By indexing repository data and displaying it alongside other research outputs, Data Citation Index solves three of the major issues that frustrate the discovery process and in turn discourage researchers from submitting their data to repositories.

  • Discovery. Raw repository metadata and descriptive metadata feed are analyzed and augmented during the indexing process. Once indexed, Data Citation Index records are integrated into the Web of Science platform, making it a single, searchable platform for researchers looking for particular data. Searches performed incorporate all search-filtering capabilities available in the Web of Science, refining the index’s search results in more useful ways. Once a data record has been selected, it links directly to the data housed within its respective repository.
  • Attribution. Each result page contains a How to Cite this Resource link with a recommended citation format. Providing standardized citations will help establish citation conventions, paving the way for better measurement of data impact over time and contributing to faster, more accurate indexing while also increasing search productivity. Thomson Reuters EndNote® supports the same citation standards offered in Web of Science for streamlined, consistent attribution of datasets during the writing process.
  • Measurement. Integration with the Web of Science and the resulting linkages from data to literature allow the Data Citation Index to present measures traditionally associated with published literature to datasets. Researchers can measure the influence of their data and publications through the Times Cited counter on each index record, creating a valuable representation of influence for future funding awards or even academic tenure and promotion decisions.

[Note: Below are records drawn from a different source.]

Definition leaf_reduction (V Z0 V' : {set 'I_n}) (M' : 'M[R]_n) (t : 'I_n) : Prop :=
  forall x, in_kernel_on V M x -> {in Z0, forall z, x 0 z = 0} ->
    in_kernel_on V' M' (zero_at t x) /\ (zero_at t x = 0 -> x = 0).

Lemma reduce_known (V : {set 'I_n}) t : leaf_reduction V [set t] (V :\ t) M t.
Proof.
move=> x [sup eqs] xZ; have xt : x 0 t = 0 by apply: xZ; rewrite inE.
rewrite zero_at_id //; split=> //; split=> [i|v /setD1P[_ /eqs] //].
by move/(zero_at_support sup); rewrite zero_at_id.
Qed.

Lemma reduce_isolated (V : {set 'I_n}) t : t \in V ->
  (forall j, j \in V -> ~~ e t j) -> M t t != 0 -> leaf_reduction V set0 (V :\ t) M t.
Proof.
move=> tV N Mtt x hx _; apply: reduce_known => // z /set1P ->.
have := hx.2 t tV; rewrite (kernel_eq_at_isolated N hx.1).
by move/eqP; rewrite mulf_eq0 (negbTE Mtt) orbF => /eqP.
Qed.

Lemma reduce_schur (V : {set 'I_n}) t s : t \in V -> s != t ->
  sole_neighbour V t s -> M t t != 0 -> leaf_reduction V set0 (V :\ t) (schur t s) t.
Proof.
move=> tV st N Mtt x [sup eqs] _.
have xt : x 0 t = - (x 0 s * M s t) / M t t.
  have := eqs t tV; rewrite (kernel_eq_at_leaf st N sup) => /eqP.
  by rewrite addr_eq0 => /eqP <-; field.
split; last first.
  move=> x0; apply: (zero_at_eq0 x0).
  have := congr1 (fun y : 'rV[R]_n => y 0 s) x0; rewrite /= zero_atE (negbTE st) mxE.
  by rewrite xt => ->; rewrite mul0r oppr0 mul0r.
split; first exact: zero_at_support.
move=> v /setD1P[vt vV]; rewrite mul_schur mul_add_unit_row eqs // add0r zero_atE (negbTE st).
have [->|vs] := eqVneq v s; first by rewrite xt mulr1; field.
by rewrite (sole_neighbour_row0 vV vt vs N) !mulr0 subr0.
Qed.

FUNDERS AND THE FUTURE OF DATA SHARING

The emphasis on data sharing promises only to increase in the next decade.

Infrastructures are being built to house and share data for researchers, educators and the general public. In 2008, the National Science Foundation funded over $95 million in data preservation and infrastructure development projects under the DataNet initiative, including the Data Observation Network for Earth (DataONE) and the Data Conservancy headquartered at Johns Hopkins. Additionally, the Australian National Data Service (ANDS) and Australian Research Data Commons are pioneering national initiatives, and organizations such as European Data Infrastructure (EUDAT) are working to create an electronic data-sharing infrastructure supporting all of Europe.

As data sharing and data management become important prerequisites for funders, the pressure on researchers to share their data will increase. However, researchers should be given opportunities to understand the contributions their data are making in their field and to the research community at large. In this way, the pull of funders to make data available will be well met by the push of researchers eager to uncover new ways of measuring the value of their work and tracing its footprint to find additional data sources, articles, or even collaborators to accelerate the time to create new work.